The goal of the VIFC is to make it easier for foreigners to invest in and profit from Vietnam’s economic development. Its establishment was motivated by Vietnam’s estimated 1.5 trillion USD funding gap – money Vietnam needs in the coming years to industrialise the country.
In sharp contrast, Dubai’s IFC is a centre for wealthy people to park and manage money; its establishment was motivated by the desire to attract high-value economic spill overs associated with the finance industry to Dubai such as highly paid fund management professionals, corporate law firms, and luxury real estate development.
Kokalari said IFCs serve one (or more) of three functions, namely facilitating investment abroad for a country’s savers, facilitating inbound capital flows to a country’s companies, and acting as an offshore hub for private wealth management.
Vietnam’s IFC is economically closer to New York’s during America’s industrialisation since it primarily aims to channel foreign capital into infrastructure and other projects. Legally, it is closer to Dubai’s, since it exists within an approximately 900 hectares ring-fenced area in Ho Chi Minh City and approximately 300 hectares in Da Nang.
The expert went on to note that initial priorities are to establish commercial banks in the VIFC, followed by asset management firms. Beyond these initial priorities, activities within the VIFC are expected to expand to include commodities trading of rice and coffee, industrial real estate investment trusts (REITs), digital assets, and trade finance products.
“The primary benefit of the IFC for Vietnam will be a lower cost of capital, while the primary benefit to foreign investors will be a much wider range of financial products that enable participation in the growth of the country’s economy,” said Kokalari.
Success hinges on a measured implementation roadmap
According to the expert, Vietnam’s IFC should open gradually, starting with a narrow pool of reputable firms while strengthening its executive and supervisory bodies, AML enforcement, and beneficial-ownership transparency.

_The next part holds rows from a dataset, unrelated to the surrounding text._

(* Let $n\ge3$ and $L>1$, and define $$\sigma_{1,2}=\frac{(L+n-1)+L^n(1+L(n-1))+\sqrt{\left((L+n-1)+L^n(1+L(n-1))\right)^2-4L(L^n-1)^2(n-1)}}{2L(L^n-1)},$$ $$\sigma_{2,1}=\frac{L^{n+2}(2+Ln)+(n+2L)-\sqrt{\left(L^{n+2}(2+Ln)+(n+2L)\right)^2-8Ln(L^{n+2}-1)^2}}{2L(L^{n+2}-1)}.$$ Then $\sigma_{2,1}\le\sigma_{1,2}$. *)

From Stdlib Require Import Reals.
Open Scope R_scope.

Definition sigma12 (n : nat) (L : R) : R :=
  let a := (L + INR n - 1) + L ^ n * (1 + L * (INR n - 1)) in
  (a + sqrt (a ^ 2 - 4 * L * (L ^ n - 1) ^ 2 * (INR n - 1)))
  / (2 * L * (L ^ n - 1)).

Definition sigma21 (n : nat) (L : R) : R :=
  let b := L ^ (n + 2) * (2 + L * INR n) + (INR n + 2 * L) in
  (b - sqrt (b ^ 2 - 8 * L * INR n * (L ^ (n + 2) - 1) ^ 2))
  / (2 * L * (L ^ (n + 2) - 1)).

(* [sigma21] and [sigma12] are the smaller, resp. larger, root of quadratics
   [A s^2 - b s + c] with [A > 0], and each quadratic is negative at [s = 2]:
   hence [sigma21 <= 2 <= sigma12]. *)

From Stdlib Require Import Reals Lra Lia Psatz.
Open Scope R_scope.

Lemma le_sqrt_of_sqr_le (u D : R) : u ^ 2 <= D -> u <= sqrt D.
Proof.
  intros HuD. apply Rle_trans with (Rabs u); [apply Rle_abs|].
  rewrite <- sqrt_Rsqr_abs. apply sqrt_le_1_alt. unfold Rsqr. lra.
Qed.

(* [D - (b - 2 A r)^2 = -4 A (A r^2 - b r + c)], so a point where the quadratic
   is nonpositive lies within [sqrt D / (2 A)] of the vertex [b / (2 A)]. *)
Lemma quadratic_lower_root_le (A b c r : R) :
  0 < A -> A * r ^ 2 - b * r + c <= 0 ->
  (b - sqrt (b ^ 2 - 4 * A * c)) / (2 * A) <= r.
Proof.
  intros HA Hr.
  assert (Hs : b - 2 * A * r <= sqrt (b ^ 2 - 4 * A * c))
    by (apply le_sqrt_of_sqr_le; nra).
  apply (Rmult_le_reg_r (2 * A)); [lra|].
  unfold Rdiv. rewrite Rmult_assoc, Rinv_l; lra.
Qed.

Lemma quadratic_upper_root_ge (A b c r : R) :
  0 < A -> A * r ^ 2 - b * r + c <= 0 ->
  r <= (b + sqrt (b ^ 2 - 4 * A * c)) / (2 * A).
Proof.
  intros HA Hr.
  assert (Hs : 2 * A * r - b <= sqrt (b ^ 2 - 4 * A * c))
    by (apply le_sqrt_of_sqr_le; nra).
  apply (Rmult_le_reg_r (2 * A)); [lra|].
  unfold Rdiv. rewrite Rmult_assoc, Rinv_l; lra.
Qed.

Lemma sigma21_le_2 (n : nat) (L : R) : (2 <= n)%nat -> 1 < L -> sigma21 n L <= 2.
Proof.
  intros Hn HL. unfold sigma21. cbv zeta.
  assert (HN : 2 <= INR n)
    by (replace 2 with (INR 2) by (simpl; lra); apply le_INR; lia).
  assert (Hy : 1 < L ^ (n + 2)) by (apply Rlt_pow_R1; [lra|lia]).
  set (N := INR n) in *. set (y := L ^ (n + 2)) in *.
  replace (2 * L * (y - 1)) with (2 * (L * (y - 1))) by ring.
  replace (8 * L * N * (y - 1) ^ 2) with (4 * (L * (y - 1)) * (2 * N * (y - 1)))
    by ring.
  apply quadratic_lower_root_le; [nra|].
  assert (Hpos : 0 <= (y - 1) * (2 * L - 2) * (N - 2))
    by (apply Rmult_le_pos; [apply Rmult_le_pos|]; lra).
  replace (L * (y - 1) * 2 ^ 2 - (y * (2 + L * N) + (N + 2 * L)) * 2 + 2 * N * (y - 1))
    with (- ((y - 1) * (2 * L - 2) * (N - 2)) - 2 * (L + 1) * (N + 2)) by ring.
  nra.
Qed.

Lemma sigma12_ge_2 (n : nat) (L : R) : (3 <= n)%nat -> 1 < L -> 2 <= sigma12 n L.
Proof.
  intros Hn HL. unfold sigma12. cbv zeta.
  assert (HN : 3 <= INR n)
    by (replace 3 with (INR 3) by (simpl; lra); apply le_INR; lia).
  assert (Hx : 1 < L ^ n) by (apply Rlt_pow_R1; [lra|lia]).
  set (N := INR n) in *. set (x := L ^ n) in *.
  replace (2 * L * (x - 1)) with (2 * (L * (x - 1))) by ring.
  replace (4 * L * (x - 1) ^ 2 * (N - 1)) with (4 * (L * (x - 1)) * ((x - 1) * (N - 1)))
    by ring.
  apply quadratic_upper_root_ge; [nra|].
  assert (Hpos : 0 <= (x - 1) * (2 * L - 1) * (N - 3))
    by (apply Rmult_le_pos; [apply Rmult_le_pos|]; lra).
  replace (L * (x - 1) * 2 ^ 2 - (L + N - 1 + x * (1 + L * (N - 1))) * 2
           + (x - 1) * (N - 1))
    with (- ((x - 1) * (2 * L - 1) * (N - 3)) - 2 * N * (L + 1)) by ring.
  nra.
Qed.

Theorem lemma2p5 (n : nat) (L : R) (Hn : (3 <= n)%nat) (HL : 1 < L) :
  sigma21 n L <= sigma12 n L.
Proof.
  apply Rle_trans with 2.
  - apply sigma21_le_2; [lia | exact HL].
  - apply sigma12_ge_2; assumption.
Qed.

At the same time, Vietnam should pass reforms that increase the ease of doing business outside the IFC since it ultimately interacts with the economy beyond its ring-fenced boundaries.
He observed that India’s GIFT-IFSC – the International Financial Services Centre at Gujarat International Finance Tec-City, which launched in 2015 – is arguably the closest parallel to the VIFC. Like Vietnam, India is a large, fast-growing emerging Asian economy, and GIFT was built as a ring-fenced IFC with the explicit goal of onshoring financial activity that Indian corporates had previously been conducting offshore, and of channeling inbound foreign capital into the domestic economy.
Drawing on the experience of GIFT, Kokalari argued that the VIFC should place particular emphasis on two priorities: establishing a centralised governance model to avoid fragmented authority across multiple agencies, and developing financial products in phases under a clearly defined implementation roadmap.
Kokalari suggested the VIFC build on its initial foundations with clear product-specific regulations, strong supervisory institutions, credible dispute resolution; a highly skilled financial workforce; and a supply of bankable projects and credible issuers.
Progress on these fronts will not only strengthen the VIFC but also improve Vietnam’s wider financial system and lower the cost of capital for infrastructure, energy, logistics, housing, and SMEs, as well as enabling the introduction of more financial products and services in the country.
Looking ahead, the expert said the new VIFC can serve as a controlled policy sandbox for innovations such as tokenized securities, AI-driven compliance tools, and blockchain-based settlement, which – if successfully tested on a limited basis – could later be rolled out across Vietnam’s broader economy./.